Coffeebot: NYU-AD RoboCafe Project

Overview

Coffeebot is a chatbot barista developed for the NYU-AD RoboCafe research project. It leverages the Pipecat framework for conversational AI to take user-specific coffee orders. Coffeebot is tailored to operate according to the specifications of the Keurig K-Cafe Single Serve K-Cup Coffee, Latte, and Cappuccino Maker, meaning each order is crafted according to the options available on this specific machine. For its implementation, Coffeebot utilizes MeetKai Functionary for the language model (LLM), Tacotron2 (trained on the LJSpeech dataset and accessed through Coqui-ai) for text-to-speech (TTS), and Daily-co for speech-to-text (STT). The user interface is based on a modified version of Pipecat-ai’s web-client UI.

Coffee Ordering Process

Below is an overview of the interaction flow Coffeebot uses to guide users through placing their coffee orders. This flowchart represents how the chatbot interacts to ensure user preferences are accurately captured.

coffeebot flow of coffee order collection

Through the Functionary LLM, the chatbot engages in dynamic conversations with users, making function calls when necessary to process the user inputs.

Detailed Flow Description

  • Coffee Pod Choice: The chatbot starts by asking the user to choose a coffee pod. The options available are light, medium, or dark roast coffee pods.
  • Coffee Type Selection: The user is then asked to select the type of coffee they want. The options, as per the coffee machine, are regular coffee, cappuccino, or latte.
    • Regular Coffee: The user is prompted to choose the cup size next, with options including 2, 6, 8, 10, or 12 ounces.
    • Cappuccino/Latte: The user is asked to specify the type of milk (fresh, soy, almond, or skimmed milk) and the drink temperature (hot or cold). Note that the cup size for cappuccino and latte is fixed at 2 ounces as per the coffee machine’s default setting.
  • Order Confirmation: Once all preferences are specified, the chatbot confirms the order with the user to ensure accuracy before processing.

Dynamic Order Handling

Coffeebot is designed to adapt to the user's input style, processing orders either in part or in full. This flexibility allows users to provide all coffee details at once or progressively throughout the interaction.

  • Complete Order Input: If a user specifies all details upfront (e.g., "I would like a dark roast pod in a cold cappuccino with almond milk"), Coffeebot will directly move to confirm the order without further queries.
  • Partial Order Input: If a user starts with partial details (e.g., "I want a dark roast pod for a cappuccino"), Coffeebot will then ask for the remaining details, such as milk type and temperature.

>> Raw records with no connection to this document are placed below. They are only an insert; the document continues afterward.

Variables (y : nat -> R) (d : R).
Hypothesis y_pos : forall n, 0 < y n.
Hypothesis y_cv0 : Un_cv y 0.
Hypothesis y_unbounded : forall B, exists k, B < sum_f_R0 y k.
Hypothesis d_nonneg : 0 <= d.

Lemma exists_far_index (L i : nat) :
  exists j, (S L < j)%nat /\ d <= sum_f_R0 y (pred j) - sum_f_R0 y L /\ y j <= (/2) ^ i.
Proof.
  destruct (y_unbounded (sum_f_R0 y L + d)) as [k hk].
  destruct (y_cv0 ((/2) ^ i) ltac:(apply pow_lt; lra)) as [K hK].
  set (j := S (Nat.max (Nat.max k K) (S L))).
  exists j. repeat split.
  - unfold j. lia.
  - pose proof (sum_f_R0_le_mono y k (pred j) (fun n => Rlt_le _ _ (y_pos n))
                  ltac:(unfold j; lia)).
    lra.
  - specialize (hK j ltac:(unfold j; lia)). unfold Rdist in hK.
    rewrite Rminus_0_r in hK. apply Rabs_def2 in hK. lra.
Qed.

Definition far_index (L i : nat) : nat :=
  proj1_sig (constructive_indefinite_description _ (exists_far_index L i)).

Lemma far_index_spec (L i : nat) :
  (S L < far_index L i)%nat /\
  d <= sum_f_R0 y (pred (far_index L i)) - sum_f_R0 y L /\ y (far_index L i) <= (/2) ^ i.
Proof. exact (proj2_sig (constructive_indefinite_description _ (exists_far_index L i))). Qed.

Fixpoint partner (i : nat) : nat :=
  match i with
  | O => far_index 0 0
  | S i' => far_index (partner i') (S i')
  end.

Lemma partner_succ (i : nat) : (S (partner i) < partner (S i))%nat.
Proof. exact (proj1 (far_index_spec (partner i) (S i))). Qed.

Lemma partner_gap (k : nat) :
  d <= sum_f_R0 y (pred (partner (S k))) - sum_f_R0 y (partner k).
Proof. exact (proj1 (proj2 (far_index_spec (partner k) (S k)))). Qed.

Lemma partner_small (i : nat) : y (partner i) <= (/2) ^ i.
Proof. destruct i; exact (proj2 (proj2 (far_index_spec _ _))). Qed.

Lemma partner_gt (i : nat) : (i < partner i)%nat.
Proof.
  induction i as [|i IH].
  - pose proof (proj1 (far_index_spec 0 0)). simpl. lia.
  - pose proof (partner_succ i). lia.
Qed.

Lemma partner_lt_iff (i j : nat) : (partner i < partner j)%nat <-> (i < j)%nat.
Proof.
  assert (mono : forall i j, (i < j)%nat -> (partner i < partner j)%nat).
  { intros i' j' hij. induction hij as [|j' _ IH]; pose proof (partner_succ i');
      [|pose proof (partner_succ j')]; lia. }
  split; [|apply mono]. intros h.
  destruct (Nat.lt_ge_cases i j) as [|hji]; [assumption|].
  destruct (Nat.eq_dec i j) as [->|hne]; [lia|]. specialize (mono j i ltac:(lia)). lia.
Qed.

Lemma partner_inj (i j : nat) : partner i = partner j -> i = j.
Proof.
  intros e. destruct (Nat.lt_total i j) as [h|[h|h]]; [| exact h |];
    apply partner_lt_iff in h; lia.
Qed.

Definition open_sum (sel : nat -> bool) (f : nat -> R) (m : nat) : R :=
  sum_f_R0 (fun i => if sel i && (m <? partner i)%nat then f i else 0) m.

Definition closer_in (sel : nat -> bool) (m : nat) : option nat :=
  find (fun i => sel i && (partner i =? m)%nat) (seq 0 m).

Definition opens_at (sel : nat -> bool) (m : nat) : bool :=
  match closer_in sel m with
  | Some _ => false
  | None => if Rlt_dec (open_sum sel y m) d then true else false
  end.

Fixpoint opened_below (n : nat) : nat -> bool :=
  match n with
  | O => fun _ => false
  | S m => fun i => if (i =? m)%nat then opens_at (opened_below m) m else opened_below m i
  end.

Definition opened (m : nat) : bool := opened_below (S m) m.

Definition closer : nat -> option nat := closer_in opened.

Definition pending (m : nat) : R := open_sum (opened_below m) y m.

Definition mass : nat -> R := open_sum opened y.

Definition tail : nat -> R := open_sum opened (fun i => y (partner i)).

Lemma opened_below_spec (n i : nat) : opened_below n i = (i <? n)%nat && opened i.
Proof.
  induction n as [|n IH]; [reflexivity|]. simpl.
  destruct (Nat.eqb_spec i n) as [->|hne].
  - rewrite (proj2 (Nat.ltb_lt n (S n))) by lia. unfold opened. simpl. now rewrite Nat.eqb_refl.
  - rewrite IH. destruct (Nat.ltb_spec i n), (Nat.ltb_spec i (S n)); try reflexivity; lia.
Qed.

Lemma opened_eq (m : nat) :
  opened m = match closer m with
             | Some _ => false
             | None => if Rlt_dec (pending m) d then true else false
             end.
Proof.
  unfold opened at 1. simpl. rewrite Nat.eqb_refl. unfold opens_at, closer, closer_in.
  rewrite (find_ext_in _ (fun i => opened i && (partner i =? m)%nat)); [reflexivity|].
  intros i hi. apply in_seq in hi. rewrite opened_below_spec.
  now rewrite (proj2 (Nat.ltb_lt i m)) by lia.
Qed.

Lemma closer_Some (m i : nat) : closer m = Some i -> opened i = true /\ partner i = m.
Proof.
  intros hc. apply find_some in hc as [_ hi].
  apply andb_prop in hi as [hi he]. now apply Nat.eqb_eq in he.
Qed.

Lemma closer_None (m i : nat) : closer m = None -> opened i = true -> partner i <> m.
Proof.
  intros hc hi he. destruct (Nat.lt_ge_cases i m) as [him|hmi].
  - apply find_none with (x := i) in hc; [|apply in_seq; lia].
    rewrite hi, he, Nat.eqb_refl in hc. discriminate.
  - pose proof (partner_gt i). lia.
Qed.

Lemma closer_partner (i : nat) : opened i = true -> closer (partner i) = Some i.
Proof.
  intros hi. destruct (closer (partner i)) as [j|] eqn:hc.
  - destruct (closer_Some _ _ hc) as [_ he].
    f_equal. now apply partner_inj.
  - now destruct (closer_None _ _ hc hi).
Qed.

Lemma opened_closer (m : nat) : opened m = true -> closer m = None.
Proof. rewrite opened_eq. now destruct (closer m). Qed.

Definition closing_term (f : nat -> R) (m : nat) : R :=
  match closer m with Some i => f i | None => 0 end.

Lemma closing_term_sum (f : nat -> R) (n : nat) :
  sum_f_R0 (fun i => if opened i && (partner i =? S n)%nat then f i else 0) n =
  closing_term f (S n).
Proof.
  unfold closing_term. destruct (closer (S n)) as [i|] eqn:hc.
  - destruct (closer_Some _ _ hc) as [hi he]. pose proof (partner_gt i).
    rewrite (sum_f_R0_single _ n i) by
      (lia || (intros j _ hji; destruct (opened j) eqn:hj, (Nat.eqb_spec (partner j) (S n));
               try reflexivity; destruct hji; apply partner_inj; congruence)).
    now rewrite hi, he, Nat.eqb_refl.
  - apply sum_eq_R0. intros j _. destruct (opened j) eqn:hj; [|reflexivity].
    destruct (Nat.eqb_spec (partner j) (S n)) as [he|]; [|reflexivity].
    now destruct (closer_None _ _ hc hj).
Qed.

Lemma open_sum_succ (f : nat -> R) (n : nat) :
  open_sum opened f (S n) =
  open_sum opened f n - closing_term f (S n) + (if opened (S n) then f (S n) else 0).
Proof.
  unfold open_sum. rewrite tech5, <- closing_term_sum.
  rewrite (proj2 (Nat.ltb_lt _ _) (partner_gt (S n))), Bool.andb_true_r.
  enough (split_open : sum_f_R0 (fun i => if opened i && (n <? partner i)%nat then f i else 0) n =
    sum_f_R0 (fun i => if opened i && (S n <? partner i)%nat then f i else 0) n +
    sum_f_R0 (fun i => if opened i && (partner i =? S n)%nat then f i else 0) n) by lra.
  rewrite <- sum_plus. apply sum_eq. intros i _.
  destruct (opened i); simpl; [|ring].
  destruct (Nat.ltb_spec n (partner i)), (Nat.ltb_spec (S n) (partner i)),
    (Nat.eqb_spec (partner i) (S n)); try ring; lia.
Qed.

Lemma open_sum_minus (sel : nat -> bool) (f g : nat -> R) (m : nat) :
  open_sum sel (fun i => f i - g i) m = open_sum sel f m - open_sum sel g m.
Proof.
  unfold open_sum. rewrite <- minus_sum. apply sum_eq. intros i _.
  destruct (_ && _); ring.
Qed.

Lemma mass_pending (m : nat) : mass m = pending m + (if opened m then y m else 0).
Proof.
  unfold mass, pending, open_sum.
  transitivity (sum_f_R0 (fun i => if opened_below m i && (m <? partner i)%nat then y i else 0) m
    + sum_f_R0 (fun i => if (i =? m)%nat && opened i then y i else 0) m).
  - rewrite <- sum_plus. apply sum_eq. intros i hi.
    rewrite opened_below_spec. destruct (Nat.eqb_spec i m) as [->|hne].
    + rewrite Nat.ltb_irrefl, (proj2 (Nat.ltb_lt _ _) (partner_gt m)).
      destruct (opened m); simpl; ring.
    + rewrite (proj2 (Nat.ltb_lt i m)) by lia. simpl. destruct (_ && _); ring.
  - rewrite (sum_f_R0_single (fun i => if (i =? m)%nat && opened i then y i else 0) m m)
      by (lia || (intros i _ hi; now rewrite (proj2 (Nat.eqb_neq i m) hi))).
    now rewrite Nat.eqb_refl.
Qed.

Lemma pending_succ (n : nat) : pending (S n) = mass n - closing_term y (S n).
Proof.
  pose proof (mass_pending (S n)). pose proof (open_sum_succ y n).
  unfold mass in *. lra.
Qed.

Lemma mass_ge_pending (m : nat) : pending m <= mass m.
Proof.
  rewrite mass_pending. destruct (opened m); [pose proof (y_pos m)|]; lra.
Qed.

Lemma closing_term_nonneg (m : nat) : 0 <= closing_term y m.
Proof. unfold closing_term. destruct (closer m); [left; apply y_pos | lra]. Qed.

Definition rho (n : nat) : nat :=
  if opened n then partner n else match closer n with Some i => i | None => n end.

Lemma rho_involutive (n : nat) : rho (rho n) = n.
Proof.
  unfold rho. destruct (opened n) eqn:hn.
  - assert (hp : opened (partner n) = false) by (rewrite opened_eq, closer_partner; auto).
    now rewrite hp, closer_partner.
  - destruct (closer n) as [i|] eqn:hc.
    + destruct (closer_Some _ _ hc) as [hi <-]. now rewrite hi.
    + now rewrite hn, hc.
Qed.

Lemma sum_rho_diff (m : nat) :
  sum_f_R0 (fun n => y n - y (rho n)) m = mass m - tail m.
Proof.
  unfold mass, tail. rewrite <- open_sum_minus.
  induction m as [|n IH].
  - unfold open_sum, rho. cbn [sum_f_R0].
    replace (closer 0) with (@None nat) by reflexivity.
    rewrite (proj2 (Nat.ltb_lt _ _) (partner_gt 0)). destruct (opened 0); simpl; ring.
  - rewrite tech5, IH, open_sum_succ. unfold closing_term, rho.
    destruct (opened (S n)) eqn:ho.
    + rewrite (opened_closer _ ho). ring.
    + destruct (closer (S n)) as [i|] eqn:hc; [destruct (closer_Some _ _ hc) as [_ ->]|]; ring.
Qed.

Lemma mass_nonneg (m : nat) : 0 <= mass m.
Proof.
  apply cond_pos_sum. intros i. destruct (_ && _); [left; apply y_pos | lra].
Qed.

Lemma mass_fill (a k : nat) :
  (forall t, (a < t <= a + k)%nat -> closer t = None) ->
  mass a + (sum_f_R0 y (a + k) - sum_f_R0 y a) <= mass (a + k) \/ d <= mass (a + k).
Proof.
  induction k as [|k IH]; intros hnone.
  - left. rewrite Nat.add_0_r. lra.
  - rewrite Nat.add_succ_r, tech5.
    assert (hc : closer (S (a + k)) = None) by (apply hnone; lia).
    assert (hp : pending (S (a + k)) = mass (a + k))
      by (rewrite pending_succ; unfold closing_term; rewrite hc; ring).
    pose proof (mass_pending (S (a + k))) as hm.
    rewrite opened_eq, hc in hm.
    destruct (Rlt_dec (pending (S (a + k))) d) as [hlt|hge].
    + destruct (IH (fun t ht => hnone t ltac:(lia))) as [h|h]; [left | exfalso]; lra.
    + right. lra.
Qed.

Lemma mass_before_partner (k : nat) : d <= mass (pred (partner (S k))).
Proof.
  set (a := partner k).
  set (k' := (pred (partner (S k)) - a)%nat).
  assert (e : pred (partner (S k)) = (a + k')%nat)
    by (pose proof (partner_succ k); unfold k', a; lia).
  pose proof (partner_gap k) as hgap. fold a in hgap. rewrite e in hgap |- *.
  destruct (mass_fill a k') as [h|h]; [|pose proof (mass_nonneg a); lra|exact h].
  intros t ht. destruct (closer t) as [i|] eqn:hc; [exfalso|reflexivity].
  destruct (closer_Some _ _ hc) as [_ <-].
  assert (h1 : (k < i)%nat) by (apply partner_lt_iff; unfold a in ht; lia).
  assert (h2 : (i < S k)%nat) by (apply partner_lt_iff; lia).
  lia.
Qed.

Lemma mass_lower (k : nat) (eps : R) (m : nat) :
  (forall i, (k < i)%nat -> y i <= eps) -> (partner (S k) <= m)%nat -> d - eps <= mass m.
Proof.
  intros hsmall. induction m as [|n IH]; intros hm.
  - pose proof (partner_gt (S k)). lia.
  - pose proof (hsmall (S k) ltac:(lia)). pose proof (y_pos (S k)).
    apply Rle_trans with (pending (S n)); [|apply mass_ge_pending].
    rewrite pending_succ. unfold closing_term.
    destruct (closer (S n)) as [i|] eqn:hc.
    + destruct (closer_Some _ _ hc) as [_ hi].
      assert (hki : (S k <= i)%nat).
      { destruct (Nat.lt_ge_cases i (S k)) as [h|h]; [|exact h].
        apply partner_lt_iff in h. lia. }
      destruct i as [|i]; [lia|].
      replace n with (pred (partner (S i))) by lia.
      pose proof (mass_before_partner i). pose proof (hsmall (S i) ltac:(lia)). lra.
    + destruct (Nat.eq_dec (partner (S k)) (S n)) as [e|ne].
      * replace n with (pred (partner (S k))) by lia.
        pose proof (mass_before_partner k). lra.
      * pose proof (IH ltac:(lia)). lra.
Qed.

Lemma mass_opened (m : nat) : opened m = true -> mass m < d + y m.
Proof.
  intros ho. rewrite mass_pending, ho.
  assert (pending m < d) by (rewrite opened_eq in ho; destruct (closer m);
                             [discriminate | destruct (Rlt_dec (pending m) d); easy]).
  lra.
Qed.

Lemma mass_not_opened (n : nat) : opened (S n) = false -> mass (S n) <= mass n.
Proof.
  intros ho. rewrite mass_pending, ho, pending_succ.
  pose proof (closing_term_nonneg (S n)). lra.
Qed.

Lemma mass_upper_after_opening (t : nat) (eps : R) (m : nat) :
  (forall i, (t <= i)%nat -> y i <= eps) -> opened t = true -> (t <= m)%nat ->
  mass m <= d + eps.
Proof.
  intros hsmall ht. induction m as [|n IH]; intros hm.
  - replace t with 0%nat in * by lia.
    pose proof (mass_opened 0 ht). pose proof (hsmall 0%nat (le_n 0)). lra.
  - destruct (opened (S n)) eqn:ho.
    + pose proof (mass_opened (S n) ho). pose proof (hsmall (S n) hm). lra.
    + destruct (Nat.eq_dec t (S n)) as [->|hne]; [congruence|].
      pose proof (mass_not_opened n ho). pose proof (IH ltac:(lia)). lra.
Qed.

This guarantees a smooth and efficient ordering process, similar to the conversational style of a human barista.

Running Coffeebot

Prerequisites: Hardware Requirements

Coffeebot requires powerful hardware, particularly strong GPUs, to effectively host the computationally intensive LLM and TTS models.

For General Users

Ensure you have access to a machine or server equipped with adequate GPU resources. Detailed steps on how to configure and run the LLM and TTS APIs are provided below to guide you through the necessary setup to get Coffeebot operational.

For NYU Affiliates

NYU affiliates may have the option to access university-provided servers that are equipped with the necessary hardware to support these models. If you are an NYU affiliate and need access to these resources, please reach out to me for assistance at sohaila.mohammed@nyu.edu. After consulting with relevant faculty, I can provide you with the details required to configure your config.sh file. This will allow you to connect to NYU's servers and run the Coffeebot project.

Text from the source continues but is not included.